A good router gone bad isn't always a bad router. Most times it's just a good router looking for a little love and attention.
We've all had it happen: You're sitting there connected to your network, browsing the Internet, or trying to get some game on, or you just want to watch a video from upstairs, and, suddenly, Shazaam! You feel like you're walking uphill through drying cement -- in lead shoes.
The feeling isn't good and, when it happens, all you really want to do is point your 27th century neutron rifle at your router and blast away.
It's an understandable reaction, but it's not the most fiscally responsible solution. Routers can be expensive items to replace. So we've rounded up a few tips to try to overcome some of the more common causes of router headaches.
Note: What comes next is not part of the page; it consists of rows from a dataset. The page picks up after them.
(* Let $H$ be a finite group of odd order with $d(H)=2$. Then $\mathsf{GEN}(\mathbb{Z}_2^2\times H)=*1$.
   Context: For a finite group $G$, $\mathsf{GEN}(G)$ is the following impartial two-player game. A position is a set of elements selected so far; the starting position is $\emptyset$. From a position $P$ with $\langle P\rangle\neq G$, the player to move selects some $g\in G\setminus P$, producing the position $P\cup\{g\}$ (these are the options of $P$); a position $P$ with $\langle P\rangle = G$ has no options. The nim-number of a position is defined recursively by $\operatorname{nim}(P)=\operatorname{mex}\{\operatorname{nim}(Q): Q \text{ an option of } P\}$, where $\operatorname{mex}(A)$ is the least nonnegative integer not in $A$. We write $\mathsf{GEN}(G)=*n$ if $\operatorname{nim}(\emptyset)=n$. $d(G)$ denotes the minimum size of a generating set of $G$; $\mathbb{Z}_2^2=\mathbb{Z}_2\times\mathbb{Z}_2$. *)

From HB Require Import structures.
From mathcomp Require Import all_boot all_order all_algebra all_fingroup all_solvable.
Set Implicit Arguments. Unset Strict Implicit. Unset Printing Implicit Defensive.
Import GroupScope.

(* mex s = least natural number not occurring in s
   (it is always <= size s, so searching [0 .. size s] suffices). *)
Definition mex (s : seq nat) : nat :=
  find (fun n => n \notin s) (iota 0 (size s).+1).

Section Gen.
Variables (gT : finGroupType) (G : {group gT}).

Fixpoint gen_nim_fuel (n : nat) (P : {set gT}) : nat :=
  match n with
  | 0 => 0
  | n'.+1 =>
      if (<<P>> : {set gT}) == (G : {set gT}) then 0
      else mex [seq gen_nim_fuel n' (g |: P) | g in G :\: P]
  end.

(* Every play of GEN(G) has at most #|G| moves, so fuel #|G|.+1 computes
   the exact nim-number of the starting position (the empty set). *)
Definition GEN_nim : nat := gen_nim_fuel #|G|.+1 set0.

Definition dgen : nat :=
  #|[arg min_(A < (G : {set gT}) | (A \subset G) && ((<<A>> : {set gT}) == G)) #|A|]|.
End Gen.

Definition Z2sq : {group ('Z_2 * 'Z_2)%type} := [set: ('Z_2 * 'Z_2)%type]%G.

From mathcomp Require Import all_boot all_order all_algebra all_fingroup all_solvable.
Set Implicit Arguments.
Unset Strict Implicit.
Unset Printing Implicit Defensive.
Import GroupScope.

(* Since #|Z_2^2| = 4 is coprime to #|H|, a set P generates Z_2^2 x H exactly
   when its two projections generate the factors.  The value min(nim P, 2) of a
   position P of GEN(Z_2^2 x H) is then determined by three invariants: whether
   the Z_2^2-projection of P is trivial, the parity of #|P|, and whether the
   H-projection of P is at most one element away from generating H.  Given
   generators x, y of H, the options (1, x) and (v, 1) show that this table
   satisfies the mex recursion, and at the empty position it reads 1. *)

Definition mex2 (b0 b1 : bool) : nat := if b0 then (if b1 then 2 else 1)%N else 0%N.

Lemma minn_mex2 (s : seq nat) : minn (mex s) 2 = mex2 (0%N \in s) (1%N \in s).
Proof.
rewrite /mex /mex2; case s0: (0 \in s); last by rewrite /= s0.
have: 0 < size s by case: s s0.
by case: (size s) => // m _ /=; rewrite s0 /=; case: (1%N \in s).
Qed.

Section TruncatedNim.
Variables (gT : finGroupType) (G : {group gT}) (f : {set gT} -> nat).

Definition has_option (P : {set gT}) (k : nat) := [exists g in G :\: P, f (g |: P) == k].

Lemma has_option_witness (P : {set gT}) g k :
  g \in G :\: P -> f (g |: P) = k -> has_option P k.
Proof. by move=> gP fk; apply/existsP; exists g; rewrite gP fk /=. Qed.

Hypothesis f_gen : forall P : {set gT}, <<P>> = G -> f P = 0%N.
Hypothesis f_mex : forall P : {set gT}, P \subset G -> <<P>> != G ->
  f P = mex2 (has_option P 0) (has_option P 1).

Lemma gen_nim_fuel_min2 (n : nat) (P : {set gT}) :
  P \subset G -> #|G :\: P| < n -> minn (gen_nim_fuel G n P) 2 = f P.
Proof.
elim: n P => [|n IHn] P sPG //= ltPn.
case: eqP => [/f_gen -> //| /eqP nPG].
have IHg g : g \in G :\: P -> minn (gen_nim_fuel G n (g |: P)) 2 = f (g |: P).
  move=> gP; have /setDP[gG _] := gP; apply: IHn; first by rewrite subUset sub1set gG.
  rewrite -ltnS (leq_trans _ ltPn) // ltnS proper_card // properEneq setDS ?subsetUr //.
  by rewrite andbT; apply: contraTneq gP => <-; rewrite !inE eqxx.
have memE k : k <= 1 ->
    (k \in [seq gen_nim_fuel G n (g |: P) | g in G :\: P]) = has_option P k.
  move=> le_k1; apply/mapP/existsP => [[g gP Ek]|[g /andP[gP /eqP fk]]].
    rewrite mem_enum in gP; exists g; rewrite gP -IHg //= -Ek.
    by apply/eqP/minn_idPl; exact: leq_trans le_k1 _.
  exists g; first by rewrite mem_enum.
  move: (IHg g gP); rewrite fk /minn; case: ltnP => [_ -> //|_ E].
  by move: le_k1; rewrite -E.
by rewrite minn_mex2 !memE // f_mex.
Qed.

Lemma GEN_nim_min2 : minn (GEN_nim G) 2 = f set0.
Proof. by rewrite gen_nim_fuel_min2 ?sub0set // setD0. Qed.

End TruncatedNim.

Lemma expg_pair (aT bT : finGroupType) (u : aT * bT) n : u ^+ n = (u.1 ^+ n, u.2 ^+ n).
Proof. by elim: n => [|n IHn] //; rewrite !expgS IHn. Qed.

Lemma expg_mod_card (gT : finGroupType) (G : {group gT}) x k :
  x \in G -> x ^+ k = x ^+ (k %% #|G|).
Proof. by move=> Gx; rewrite (expg_mod _ (expg_cardG Gx)). Qed.

Section CoprimeDirectProduct.
Variables (aT bT : finGroupType) (A : {group aT}) (B : {group bT}).
Hypothesis coAB : coprime #|A| #|B|.

Lemma coprime_pair_components u :
  u \in setX A B -> (u.1, 1) \in <[u]> /\ (1, u.2) \in <[u]>.
Proof.
case: u => a b /setXP[aA bB] /=.
have chiE r s : (a, b) ^+ chinese #|A| #|B| r s = (a ^+ r, b ^+ s).
  rewrite expg_pair /= (expg_mod_card (chinese _ _ _ _) aA).
  rewrite (expg_mod_card (chinese _ _ _ _) bB) chinese_modl // chinese_modr //.
  by rewrite -!expg_mod_card.
by split; [rewrite -[(a, 1)](chiE 1%N 0%N) | rewrite -[(1, b)](chiE 0%N 1%N)];
  apply: mem_cycle.
Qed.

Lemma gen_setX_coprime (Q : {set aT * bT}) :
  Q \subset setX A B -> <<Q>> = setX <<fst @: Q>> <<snd @: Q>>.
Proof.
move=> sQAB; apply/eqP; rewrite eqEsubset; apply/andP; split.
  rewrite gen_subG; apply/subsetP => -[a b] Qab.
  by rewrite in_setX !mem_gen // (imset_f _ Qab).
have compQ u : u \in Q -> (u.1, 1) \in <<Q>> /\ (1, u.2) \in <<Q>>.
  move=> Qu; have [u1 u2] := coprime_pair_components (subsetP sQAB u Qu).
  have uQ : <[u]> \subset <<Q>> by rewrite cycle_subG mem_gen.
  by split; apply: (subsetP uQ).
rewrite -setX_prod mul_subG //.
  rewrite -morphim_pairg1 morphim_gen ?subsetT // gen_subG morphim_pairg1.
  apply/subsetP => -[a b] /setXP[/imsetP[u Qu ->] /set1P ->].
  by case: (compQ u Qu).
rewrite -morphim_pair1g morphim_gen ?subsetT // gen_subG morphim_pair1g.
apply/subsetP => -[a b] /setXP[/set1P -> /imsetP[u Qu ->]].
by case: (compQ u Qu).
Qed.

End CoprimeDirectProduct.

Lemma eq_setX_group (aT bT : finGroupType) (A C : {group aT}) (B D : {group bT}) :
  (setX C D == setX A B) = (C :==: A) && (D :==: B).
Proof.
apply/eqP/andP => [CDAB | [/eqP -> /eqP -> //]]; split; apply/eqP/setP.
  by move=> a; have /setP/(_ (a, 1)) := CDAB; rewrite !in_setX !group1 !andbT.
by move=> b; have /setP/(_ (1, b)) := CDAB; rewrite !in_setX !group1.
Qed.

Lemma gen_setU1_mem (gT : finGroupType) (A : {set gT}) x :
  x \in <<A>> -> <<x |: A>> = <<A>>.
Proof.
move=> xA; apply/eqP; rewrite eqEsubset gen_subG subUset sub1set xA subset_gen.
by rewrite genS // subsetUr.
Qed.

Local Notation klein := ('Z_2 * 'Z_2)%type.

Lemma card_klein : #|[set: klein]| = 4.
Proof. by rewrite cardsT card_prod card_ord. Qed.

Lemma klein_exp2 (v : klein) : v ^+ 2 = 1.
Proof.
have exp2 (a : 'Z_2) : a ^+ 2 = 1 by have := expg_cardG (in_setT a); rewrite cardsT card_ord.
by case: v => a b; rewrite expg_pair /= !exp2.
Qed.

Lemma card_klein_subgroup (A : {group klein}) : #|A| \in [:: 1; 2; 4]%N.
Proof.
have dvdA4 : #|A| %| 4 by rewrite -card_klein cardSg ?subsetT.
by move: dvdA4 (@dvdn_leq _ 4 isT dvdA4); case: #|A| => [|[|[|[|[|n]]]]].
Qed.

Lemma odd_klein_subgroup (A : {group klein}) : odd #|A| = (A :==: 1).
Proof.
by rewrite trivg_card1; have := card_klein_subgroup A; rewrite !inE => /or3P[] /eqP ->.
Qed.

Lemma klein_gen_setU1_trivial (v : klein) (S : {set klein}) :
  S \subset [1] -> <<v |: S>> != [set: klein].
Proof.
move=> S1; have: <<v |: S>> \subset <[v]>.
  by rewrite gen_subG subUset sub1set cycle_id (subset_trans S1) ?sub1G.
apply: contraTneq => ->; rewrite subTset; apply/negP => /eqP cyc_v.
have: #[v] <= 2 by apply: dvdn_leq; rewrite // order_dvdn klein_exp2.
by rewrite orderE cyc_v card_klein.
Qed.

Lemma klein_gen_setU1 (S : {set klein}) :
  ~~ (S \subset [1]) -> exists v, <<v |: S>> = [set: klein].
Proof.
case/subsetPn => s Ss; rewrite inE => s_neq1.
have /subsetPn[v _] : ~~ ([set: klein] \subset [set 1; s]).
  by apply/negP => /subset_leq_card; rewrite card_klein cards2; case: (_ != _).
rewrite !inE negb_or => /andP[v_neq1 v_neqs].
exists v; apply/eqP; rewrite eqEcard subsetT card_klein.
have sub3 : v |: [set 1; s] \subset <<v |: S>>.
  by rewrite !subUset !sub1set group1 !mem_gen ?setU11 // !inE Ss orbT.
have := subset_leq_card sub3.
rewrite cardsU1 cards2 !inE negb_or v_neq1 v_neqs eq_sym s_neq1 /=.
by have := card_klein_subgroup <<v |: S>>%G; rewrite !inE => /or3P[] /eqP ->.
Qed.

Lemma coprime_klein_odd (n : nat) : odd n -> coprime #|[set: klein]| n.
Proof. by rewrite card_klein -coprime2n; apply: (coprimeXl 2). Qed.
1. It's So Slow You Can't Get Any Work Done
Problem: Your router is slower than molasses running uphill on a hot day.
Solution:A couple of things that might be causing this problem. Most routers work on the 2.5GHz band. So do Microwave ovens, cordless phones, garage door openers, baby monitors, and some other electronic devices. Have you added anything to the environment recently that works on the 2.5GHz band -- just about when the problem started? If so, turn it off and see if there's an improvement.
If that's not an issue, keep in mind that the 2.5GHz band has only three real channels (1, 6, 11) despite pretending to have eleven (the others overlap with each other). Your neighbors who are Wi-Fi-enabled are also using those same channels. If you live in a major metropolitan area with public transportation, it's a lot like trying to get on the bus during rush hour.
You can modify the channel your router uses (and subsequently any Wi-Fi adapters) by going into the device's setup controls (usually through a browser-based program that's been installed on your computer when you installed the router or adapter) and manually changing it. (The default setting is where the problem can arise; vendors always pick the same channel.)